Sometimes because he had never found a woman to appeal to him as he wished a woman to appeal, he had been half inclined to doubt. But this morning on Palos he no longer doubted. He believed. More than that he knew now why no earth woman had ever reached to the center of his being with her soft attraction. He knew now why the Dog Star had always drawn him during his student days. That longing to span the miles between Sirius and earth was explained. It was because in the economy of the Infinite it had been seen fit, God alone knew why, to send his half of their original spirit to earth, and his female counterpart to this life on another sphere.
This beautiful girl was his twin. He knew her. He had found her. A wonderful elation filled his conscious soul as he sat feasting his eyes upon her every graceful line and feature. But suddenly his contemplation was followed by the bitterest despair.
He had found her, yes; but to what avail? The mere fact that he saw her now and was unseen by either her or her father, as he judged the man with whom she rode to be, was proof that his finding her was in vain. She was a living, breathing woman, every cell of whose glowing body sent a subtle call to his spirit, such as only the true mate can send to its absolute complement.
He felt love, a sense of protection, a desire for possession, spiritual uplift, and physical passion all in a breath. He felt a mad urge to cast himself at her side, there on the padded cushion, and gather her lovely form to his heart close within his arms. And he knew himself but a spirit—invisible to her—imperceptible to her—realized that should he follow his impulse she would not know—or should she know even faintly would not understand.
Croft knew himself but a sublimated shape, and nothing more, and it was then he went down into the deepest depths of a mental hell of despair. The torture of Tantalus was his. He could see her, sense her youth, her beauty, her sweetness, every charm which was hers; experience every potent wave of her appeal, yet he could not reveal his presence or make known his response to her spirit-call. Could he have done so he would have groaned in a crushing anguish too great to be endured. Yet even that expression was denied.

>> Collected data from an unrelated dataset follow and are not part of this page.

(* Let $X\subseteq\mathbb{R}^d$ be a full-dimensional convex body and let $\lambda>0$ be such that some translate $c+\lambda^{-1}[0,1]^d$ ($c\in\mathbb{R}^d$) is contained in $X$. Then for every real $n>0$, $$\mathrm{Flt}^{\mathbb{R}}_d(X)\le\tfrac1n\,\mathrm{Flt}_d(n\cdot X)\le\tfrac{n+\lambda}{n}\,\mathrm{Flt}^{\mathbb{R}}_d(X).$$ In particular $\frac1n\mathrm{Flt}_d(nX)\to\mathrm{Flt}^{\mathbb{R}}_d(X)$ as $n\to\infty$.
   Context: Convex body: non-empty compact convex subset of $\mathbb{R}^d$; $\mathrm{width}(K)=\min_{u\in(\mathbb{Z}^d)^*\setminus\{0\}}\max_{x,y\in K}|u(x)-u(y)|$. A unimodular (resp. $\mathbb{R}$-unimodular) copy of $Y\subseteq\mathbb{R}^d$ is $\{Ay+b:y\in Y\}$ with $A\in\mathrm{GL}(d,\mathbb{Z})$ and $b\in\mathbb{Z}^d$ (resp. $b\in\mathbb{R}^d$). For bounded $X$: $\mathrm{Flt}_d(X)=\sup\{\mathrm{width}(K): K\text{ convex body not containing a unimodular copy of }X\}$ and $\mathrm{Flt}^{\mathbb{R}}_d(X)=\sup\{\mathrm{width}(K): K\text{ convex body not containing an }\mathbb{R}\text{-unimodular copy of }X\}$. *)

From Stdlib Require Import Reals ZArith.
Open Scope R_scope.

(* Points of R^d are represented as functions nat -> R whose coordinates of
   index >= d vanish; subsets of R^d are predicates on such functions. *)
Definition pt := nat -> R.

Fixpoint sumd (d : nat) (f : nat -> R) : R :=
  match d with O => 0 | S k => sumd k f + f k end.

Definition inRd (d : nat) (x : pt) : Prop := forall i, (d <= i)%nat -> x i = 0.

Definition lin (d : nat) (u x : pt) : R := sumd d (fun i => u i * x i).

Definition convex (d : nat) (K : pt -> Prop) : Prop :=
  forall x y t, K x -> K y -> 0 <= t <= 1 ->
    K (fun i => t * x i + (1 - t) * y i).

Definition bounded (d : nat) (K : pt -> Prop) : Prop :=
  exists M, forall x, K x -> forall i, Rabs (x i) <= M.

Definition closed_set (d : nat) (K : pt -> Prop) : Prop :=
  forall (s : nat -> pt) (x : pt), (forall k, K (s k)) ->
    (forall i, Un_cv (fun k => s k i) (x i)) -> K x.

Definition convex_body (d : nat) (K : pt -> Prop) : Prop :=
  (forall x, K x -> inRd d x) /\ (exists x, K x) /\ convex d K /\
  bounded d K /\ closed_set d K.

(* Dual lattice (Z^d)^*: integer vectors u (only coordinates < d matter). *)
Definition zvec := nat -> Z.
Definition zvec_nonzero (d : nat) (u : zvec) : Prop := exists i, (i < d)%nat /\ u i <> 0%Z.
Definition zR (u : zvec) : pt := fun i => IZR (u i).

(* width of K in direction u: max_{x,y in K} |u(x) - u(y)| (sup = max for compact K) *)
Definition width_dir (d : nat) (K : pt -> Prop) (u : zvec) (w : R) : Prop :=
  is_lub (fun v => exists x y, K x /\ K y /\ v = Rabs (lin d (zR u) x - lin d (zR u) y)) w.

Definition width_of (d : nat) (K : pt -> Prop) (w : R) : Prop :=
  (exists u, zvec_nonzero d u /\ width_dir d K u w) /\
  (forall u w', zvec_nonzero d u -> width_dir d K u w' -> w <= w').

Definition zmat := nat -> nat -> Z.
Definition unimodular (d : nat) (A : zmat) : Prop :=
  exists B : zmat, forall i j, (i < d)%nat -> (j < d)%nat ->
    sumd d (fun k => IZR (A i k) * IZR (B k j)) = (if Nat.eqb i j then 1 else 0).

Definition affine (d : nat) (A : zmat) (b : pt) (y : pt) : pt :=
  fun i => if Nat.ltb i d then sumd d (fun j => IZR (A i j) * y j) + b i else 0.

Definition contains_copy (d : nat) (K X : pt -> Prop) : Prop :=
  exists (A : zmat) (b : zvec), unimodular d A /\ forall y, X y -> K (affine d A (zR b) y).

Definition contains_Rcopy (d : nat) (K X : pt -> Prop) : Prop :=
  exists (A : zmat) (b : pt), unimodular d A /\ inRd d b /\
    forall y, X y -> K (affine d A b y).

(* The set whose supremum is Flt_d(X), resp. Flt^R_d(X). *)
Definition FltSet (d : nat) (X : pt -> Prop) (w : R) : Prop :=
  exists K, convex_body d K /\ ~ contains_copy d K X /\ width_of d K w.
Definition FltRSet (d : nat) (X : pt -> Prop) (w : R) : Prop :=
  exists K, convex_body d K /\ ~ contains_Rcopy d K X /\ width_of d K w.

(* "Flt_d(X) <= r" (as a supremum in the extended reals) *)
Definition Flt_le (d : nat) (X : pt -> Prop) (r : R) : Prop := is_upper_bound (FltSet d X) r.
Definition FltR_le (d : nat) (X : pt -> Prop) (r : R) : Prop := is_upper_bound (FltRSet d X) r.

Definition scale_set (n : R) (X : pt -> Prop) : pt -> Prop :=
  fun z => exists x, X x /\ z = (fun i => n * x i).

(* Shrinking by a factor n turns a unimodular copy of nX inside nK into an
   R-unimodular copy of X inside K, which gives the lower bound.  Conversely,
   suppose K/(n+lam) contains A X + b with b real.  The cube of side 1/lam in X
   contains a point y0 with lam A y0 + (n+lam) b integral, and
   X contains (n X + lam y0)/(n+lam) by convexity; scaling its image by n+lam
   yields A (n X) + integer vector inside K.  Hence every body without a
   unimodular copy of nX has width at most (n+lam) Flt^R_d(X), and the limit
   follows by squeezing. *)

From Stdlib Require Import Reals Lra Lia ZArith FunctionalExtensionality.
Open Scope R_scope.

Lemma sumd_ext d f g : (forall i, (i < d)%nat -> f i = g i) -> sumd d f = sumd d g.
Proof.
  induction d as [|d IH]; simpl; intros H; auto.
  rewrite IH by (intros; apply H; lia); rewrite H by lia; auto.
Qed.

Lemma sumd_scal d s f : sumd d (fun i => s * f i) = s * sumd d f.
Proof. induction d as [|d IH]; simpl; [ring | rewrite IH; ring]. Qed.

Lemma sumd_plus d f g : sumd d (fun i => f i + g i) = sumd d f + sumd d g.
Proof. induction d as [|d IH]; simpl; [ring | rewrite IH; ring]. Qed.

Lemma sumd_opp d f : sumd d (fun i => - f i) = - sumd d f.
Proof. induction d as [|d IH]; simpl; [ring | rewrite IH; ring]. Qed.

The stopping of the gnuppas, as he was to learn the half horse, half deerlike steers were called, brought him back from his introspection after a time. He could hear the driver shouting, and now quite oddly, these people being human, and thoughts being more or less akin to all thinking minds, he found he could understand the intent, even though the words were strange.

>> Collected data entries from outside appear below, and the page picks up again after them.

Lemma tmap_ctens_act_pair u v : islin rhoX -> islin (coact M) ->
  tmap (coact ct) id (act_pair (@tens K _ _) u v)
  = act_pair (act_pair (@tens K _ _)) (tmap rhoX id u) (tmap (coact M) id v).
Proof.
move=> linX linM; move: u; lin_ext => -[x h]; move: v; lin_ext => -[m c].
rewrite act_pairU tensU tmap_tens; try linearity.
by rewrite ctens_coactU !tmapU act_pair_tens // => ?; linearity.
Qed.

Lemma ctens_comodule : is_comodule dH eH rhoX -> is_comod dC eC M -> is_comod dC eC ct.
Proof.
move=> [linX coX cuX] [linM coM cuM]; split; first exact: islin_ctens.
- lin_ext => -[x m]; rewrite ctens_coactU tmap_ctens_act_pair //.
  by rewrite -[tmap rhoX _ _]assocrK coX -[tmap (coact M) _ _]assocrK coM act_pair_comul.
- by lin_ext => -[x m]; rewrite ctens_coactU contr_r_act_pair cuX cuM tensU.
Qed.

Lemma ctens_in_tens D : subspace D -> (forall h c, D c -> D (act h c)) ->
  (forall x, in_tens D (coact M x)) -> forall w, in_tens D (coact ct w).
Proof.
move=> subD actD MD w; rewrite (lin_basis islin_ctens).
apply: in_tens_lext => // -[x m]; rewrite ctens_coactU.
by apply: (in_tens_act_pair _ subD actD _ (MD _)) => p; apply: islin_tens.
Qed.

End TensorComodule.

Lemma Hsubcoalg_subspace D : is_Hsubcoalg dC act D -> subspace D.
Proof. by case. Qed.

Lemma comodD_closed D :
  is_Hsubcoalg dC act D -> is_closed_Hmod dC eC dH eH act (comodD dC eC D).
Proof.
move=> HD; have subD := Hsubcoalg_subspace HD; have [_ _ _ actD] := HD.
split=> [M [] // | M N f _ HN morF injF | M N f _ HN morF ontoF | T F FD | IX rhoX M HX [HM MD]].
- exact: comodD_sub morF injF.
- exact: comodD_quot morF ontoF.
- exact: comodD_dsum.
- by split; [apply: ctens_comodule | apply: ctens_in_tens].
Qed.

End ModuleCoalgebra.
#[export] Hint Resolve islin_act_l islin_act_r : linear.
#[export] Hint Unfold act_pair : linear.
#[export] Hint Resolve islin_ctens : linear.

(** * Recovering a subcoalgebra from its comodules *)

Section Injectivity.
Variable K : fieldType.
Local Notation V I := (FV K I).
Variables (J : choiceType) (dC : V J -> V (J * J)%type) (eC : V J -> K).
Hypothesis HC : is_coalgebra dC eC.

Lemma in_tens2_in_tens (D : V J -> Prop) z : in_tens2 D z -> in_tens D z.
Proof. by case=> s [sD ->]; exists s; split=> // p /sD[]. Qed.

Lemma subcoalg_le_of_comodD (D1 D2 : V J -> Prop) :
  subspace D1 -> (forall c, D1 c -> in_tens2 D1 (dC c)) -> subspace D2 ->
  (forall M, comodD dC eC D1 M -> comodD dC eC D2 M) -> forall c, D1 c -> D2 c.
Proof.
move=> subD1 comulD1 subD2 le12 c D1c.
have [T [iota [linI injI iotaD1 ontoD1]]] := subspace_param subD1.
have [rho [linR rhoE]] : exists rho : V T -> V (T * J)%type,
    islin rho /\ forall y, tmap iota id (rho y) = dC (iota y).
  apply: lin_factor; [exact: islin_tmap | exact: tmap_inj linI injI | linearity |] => y.
  have [s [sD ->]] := comulD1 _ (iotaD1 y).
  by apply: tmap_lift => // p /sD[/ontoD1[x <-] _]; exists x.
have /le12[_ QD2] : comodD dC eC D1 (Comod rho).
  split=> [|y].
    by apply: (comodule_sub HC (regular_comodule HC) linI injI) => y; rewrite rhoE.
  by apply: (in_tens_tmap_inj subD1 linI injI); rewrite rhoE; apply/in_tens2_in_tens/comulD1.
have [y <-] := ontoD1 c D1c.
have [_ _ _ counitC _] := HC.
rewrite -[iota y]counitC -rhoE contr_l_tmap; try linearity.
by apply: (contr_l_in_tens subD2); [linearity | exact: QD2].
Qed.

Lemma comodD_inj (B : choiceType) (act : V B -> V J -> V J) (D1 D2 : V J -> Prop) :
  is_Hsubcoalg dC act D1 -> is_Hsubcoalg dC act D2 ->
  comodD dC eC D1 = comodD dC eC D2 -> D1 = D2.
Proof.
move=> [D10 D1L comul1 _] [D20 D2L comul2 _] E.
apply: funext => c; apply: propext; split; apply: subcoalg_le_of_comodD => //.
- by move=> M; rewrite E.
- by move=> M; rewrite E.
Qed.

End Injectivity.

(** * The coefficient space of a closed subcategory *)

Section CoefficientSpace.
Variable K : fieldType.
Local Notation V I := (FV K I).
Local Notation coact M := (@crho K _ M).
Implicit Types I L : choiceType.

Variables (B J : choiceType) (dH : V B -> V (B * B)%type) (eH : V B -> K)
  (dC : V J -> V (J * J)%type) (eC : V J -> K) (act : V B -> V J -> V J).
Hypotheses (coalgH : is_coalgebra dH eH) (HC : is_coalgebra dC eC) (bilA : isbilin act).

"Way! Way for Prince Lakkon, Counselor to the King of Aphur!"
On the words the girl opened her lips. "There is a wonderful press of travelers this morning, my father."
Croft gloried in the soft, full tones of her voice, even before Prince Lakkon made answer. "Aye, the highway is like to a swarm of insects, Naia, my child."
Naia! The sound was music in Croft's ears. He whispered it over and over to himself as the carriage once more advanced through the throngs of market people, carters, freighters, past a caravan of heavily loaded Sarpelcas outward bound. Naia. The word fitted her—seemed oddly appropriate—was music in his ears. Naia, Naia—the other part of his soul. The word beat upon his senses through the shuffle of passing feet.